L’économie pétrolière est, qui plus est, génératrice, directement ou indirectement, d’un très grand nombre d’emplois. Elle fait vivre des centaines de milliers de personnes, loin de la fortune et des infortunes de BP et de Transocean. Outre les emplois les plus directs et les plus immédiatement liés à l’exploitation pétrolière elle-même, à savoir les opérateurs sur les plateformes pétrolières, les ingénieurs chargés de concevoir les technologies de forage très sophistiquées utilisées de nos jours, les ouvriers et les ingénieurs des centres de raffinage, songeons aux concepteurs des sous-marins qui ancrent les plateformes au fond des mers, aux ouvriers chargés de fabriquer les millions de composants physiques et électroniques des plateformes (de la puce informatique de l’ordinateur qui contrôle la pression dans le puits aux poutrelles d’acier qui forment la structure d’une plateforme), mais aussi aux pilotes des hélicoptères qui transportent les opérateurs de la terre à la plateforme offshore, et, plus indirectement encore, aux pêcheurs, aux éleveurs et aux industriels de l’agroalimentaire, aux commerçants et aux restaurateurs qui contribuent à nourrir les employés des compagnies pétrolières. Cette liste n’est pas, loin s’en faut, exhaustive, mais elle permet de se faire une idée de l’énorme quantité de personnes qui dépendent, de près ou de loin, de l’exploitation pétrolière.

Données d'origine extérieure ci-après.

(* Let $i\ge 3$ and $k\ge 3$ be integers. Then: (a) $g_2(F_i,F_{i+2},F_{i+k})=(3F_i-1)F_{i+2}-F_i$ whenever $k\ge i+3$; (b) $g_2(F_i,F_{i+2},F_{2i+2})=(F_{i-2}-1)F_{i+2}+F_{2i+2}-F_i$ if $i$ is odd, and $g_2(F_i,F_{i+2},F_{2i+2})=(F_{i+2}-1)F_{i+2}-F_i$ if $i$ is even; (c) $g_2(F_i,F_{i+2},F_{2i+1})=(F_i-1)F_{i+2}+F_{2i+1}-F_i$; (d) $g_2(F_i,F_{i+2},F_{2i})=(2F_i-1)F_{i+2}-F_i$; (e) $g_2(F_i,F_{i+2},F_{2i-1})=(F_{i-4}-1)F_{i+2}+3F_{2i-1}-F_i$ for $i\ge 5$, and $g_2(F_4,F_6,F_7)=F_6+2F_7-F_4=31$; (f) if $r=\lfloor (F_i-1)/F_k\rfloor\ge 2$ (equivalently $k\le i-2$), then $$g_2(F_i,F_{i+2},F_{i+k})=\begin{cases}(F_i-rF_k-1)F_{i+2}+(r+2)F_{i+k}-F_i & \text{if } (F_i-rF_k)F_{i+2}\ge F_{k-2}F_i,\\ (F_k-1)F_{i+2}+(r+1)F_{i+k}-F_i & \text{if } (F_i-rF_k)F_{i+2}< F_{k-2}F_i.\end{cases}$$
   Context: Fibonacci numbers: $F_0=0$, $F_1=1$, $F_n=F_{n-1}+F_{n-2}$. For positive integers $a_1,\dots,a_l$ with $\gcd(a_1,\dots,a_l)=1$ and an integer $n$, let $d(n;a_1,\dots,a_l)$ be the number of tuples $(x_1,\dots,x_l)$ of nonnegative integers with $a_1x_1+\dots+a_lx_l=n$. For a nonnegative integer $p$, the $p$-Frobenius number $g_p(a_1,\dots,a_l)$ is the largest integer $n$ with $d(n;a_1,\dots,a_l)\le p$. *)

From mathcomp Require Import all_boot all_order all_algebra.
Set Implicit Arguments. Unset Strict Implicit. Unset Printing Implicit Defensive.
Import Order.TTheory GRing.Theory Num.Theory.

Fixpoint fib (n : nat) : nat :=
  match n with
  | 0 => 0
  | 1 => 1
  | (m.+1 as p).+1 => fib p + fib m
  end.

(* For positive a, b, c every solution has x, y, z <= n,
   so the triples can be enumerated in 'I_n.+1 ^3. *)
Definition dnat (a b c n : nat) : nat :=
  #|[set t : 'I_n.+1 * 'I_n.+1 * 'I_n.+1 |
       a * t.1.1 + b * t.1.2 + c * t.2 == n]|.

Definition d3 (a b c : nat) (n : int) : nat :=
  match n with
  | Posz m => dnat a b c m
  | Negz _ => 0
  end.

Definition is_gp (p a b c : nat) (g : int) : Prop :=
  (d3 a b c g <= p)%N /\ forall n : int, (g < n)%R -> (p < d3 a b c n)%N.

From mathcomp Require Import all_boot all_order all_algebra.
From mathcomp Require Import zify ring.
Import Order.TTheory GRing.Theory Num.Theory.
Set Implicit Arguments. Unset Strict Implicit. Unset Printing Implicit Defensive.

(* Write a = F_i, b = F_{i+2}, c = F_{i+k} and p = F_k. The identity
   F_{i+k} + F_{k-2} F_i = F_k F_{i+2} gives c = p b (mod a), and b is invertible
   mod a, so the class of b y + c z mod a is read off y + p z. If every class mod a
   contains three pairs (y, z) with b y + c z <= T, then every n > T - a has at
   least three representations; if moreover T - a has only two, it is g_2. In each
   case the cheap pairs are listed explicitly, and the two representations of
   T - a = b B - a A are found by parametrizing all solutions of
   a x + b y + c z = b B - a A. *)

Section Representations.

Variables (a b c : nat).
Hypotheses (a_gt0 : 0 < a) (b_gt0 : 0 < b) (c_gt0 : 0 < c).

Lemma dnat_le2 (n : nat) (yz1 yz2 : nat * nat) :
  (forall x y z, a * x + b * y + c * z = n -> (y, z) = yz1 \/ (y, z) = yz2) ->
  dnat a b c n <= 2.
Proof.
move=> sols; rewrite /dnat cardE.
pose yz (t : 'I_n.+1 * 'I_n.+1 * 'I_n.+1) := ((t.1.2 : nat), (t.2 : nat)).
rewrite -(size_map yz) (_ : 2 = size [:: yz1; yz2]) //.
apply: uniq_leq_size.
  rewrite map_inj_in_uniq ?enum_uniq //.
  move=> [[x y] z] [[x' y'] z']; rewrite !mem_enum !inE /= /yz.
  move=> /eqP E /eqP E' [Ey Ez].
  have Ex : a * x = a * x' by lia.
  move/eqP: Ex; rewrite eqn_mul2l gtn_eqF //= => /eqP/val_inj Ex.
  by rewrite Ex (val_inj Ey) (val_inj Ez).
move=> w /mapP [[[x y] z] + ->]; rewrite mem_enum inE /= => /eqP/sols.
by rewrite !inE /yz => -[] ->; rewrite eqxx ?orbT.
Qed.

Nous formulerons toutefois une objection importante : toutes ces personnes pourraient dépendre de l’exploitation d’une autre matière première que le pétrole. Un exemple simple nous suffira : à la fin du XIXe siècle, la découverte de gisements aurifères très importants en Alaska, à une époque où le pétrole n’était qu’une matière première parmi d’autres, engendra la formation d’un microcosme économique qui n’avait rien à envier au microcosme pétrolier d’aujourd’hui. Nous ne nous étendrons pas sur ce point ; retenons seulement que le pétrole n’est pas en lui-même nécessaire à la formation d’un microcosme économique cohérent. Ce fait est d’une grande importance, car il permet d’ouvrir la réflexion sur les possibles (et, aux yeux de l’auteur, nécessaires) alternatives au microcosme pétrolier sur le plan économique, et plus largement au pétrole comme élément central de l’économie mondialisée contemporaine.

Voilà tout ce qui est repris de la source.